> Entries shown:
(* For every prime $p$ the natural maps induce an isomorphism of rings $$\mathbb Z[1/p][q]^{\mathbb N}\;\cong\;\prod_{j=0}^\infty\mathbb Z[1/p][q]^{p^j\mathbb N_p}.$$
   Context: $\mathbb N=\{1,2,\dots\}$, $\mathbb N_p=\{n\in\mathbb N:(n,p)=1\}$, $p^j\mathbb N_p=\{p^jn:n\in\mathbb N_p\}$. For a commutative integral domain $R$ of characteristic zero and $S\subset\mathbb N$, $R[q]^S=\varprojlim_{f\in\Phi^*_S}R[q]/(f)$, where $\Phi^*_S$ is the multiplicative set generated by the cyclotomic polynomials $\Phi_n(q)$, $n\in S$, directed by divisibility; for $S'\subset S$ there is a natural map $R[q]^S\to R[q]^{S'}$. *)

From HB Require Import structures.
From mathcomp Require Import all_boot all_order all_algebra all_field.
Set Implicit Arguments. Unset Strict Implicit. Unset Printing Implicit Defensive.
Import Order.TTheory GRing.Theory Num.Theory.
Local Open Scope ring_scope.

(* Z[1/p] realised as the subring of Q of rationals whose denominator is a
   power of p. *)
Definition Zinvp (p : nat) : pred rat := fun x => p.-nat `|denq x|%N.

Definition ZinvpPoly (p : nat) (P : {poly rat}) : Prop :=
  forall i : nat, Zinvp p P`_i.

Definition Phi (n : nat) : {poly rat} := map_poly (intr : int -> rat) ('Phi_n).

(* Elements of the multiplicative set Phi*_S are the products
   \prod_{n <- s} Phi_n for finite sequences s of elements of S. *)
Definition Sseq (S : pred nat) (s : seq nat) : bool := all S s.
Definition PhiProd (s : seq nat) : {poly rat} := \prod_(n <- s) Phi n.

Definition Nat_pos : pred nat := fun n => (0 < n)%N.
Definition pjNp (p j : nat) : pred nat :=
  fun n => [&& (0 < n)%N, (p ^ j %| n)%N & coprime (n %/ p ^ j)%N p].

> Task: Repeat the lines from the first one in the records through the line containing "Local Open Scope ring_scope.", exactly as written, and nothing else.

> Answer to this exercise:
(* For every prime $p$ the natural maps induce an isomorphism of rings $$\mathbb Z[1/p][q]^{\mathbb N}\;\cong\;\prod_{j=0}^\infty\mathbb Z[1/p][q]^{p^j\mathbb N_p}.$$
   Context: $\mathbb N=\{1,2,\dots\}$, $\mathbb N_p=\{n\in\mathbb N:(n,p)=1\}$, $p^j\mathbb N_p=\{p^jn:n\in\mathbb N_p\}$. For a commutative integral domain $R$ of characteristic zero and $S\subset\mathbb N$, $R[q]^S=\varprojlim_{f\in\Phi^*_S}R[q]/(f)$, where $\Phi^*_S$ is the multiplicative set generated by the cyclotomic polynomials $\Phi_n(q)$, $n\in S$, directed by divisibility; for $S'\subset S$ there is a natural map $R[q]^S\to R[q]^{S'}$. *)

From HB Require Import structures.
From mathcomp Require Import all_boot all_order all_algebra all_field.
Set Implicit Arguments. Unset Strict Implicit. Unset Printing Implicit Defensive.
Import Order.TTheory GRing.Theory Num.Theory.
Local Open Scope ring_scope.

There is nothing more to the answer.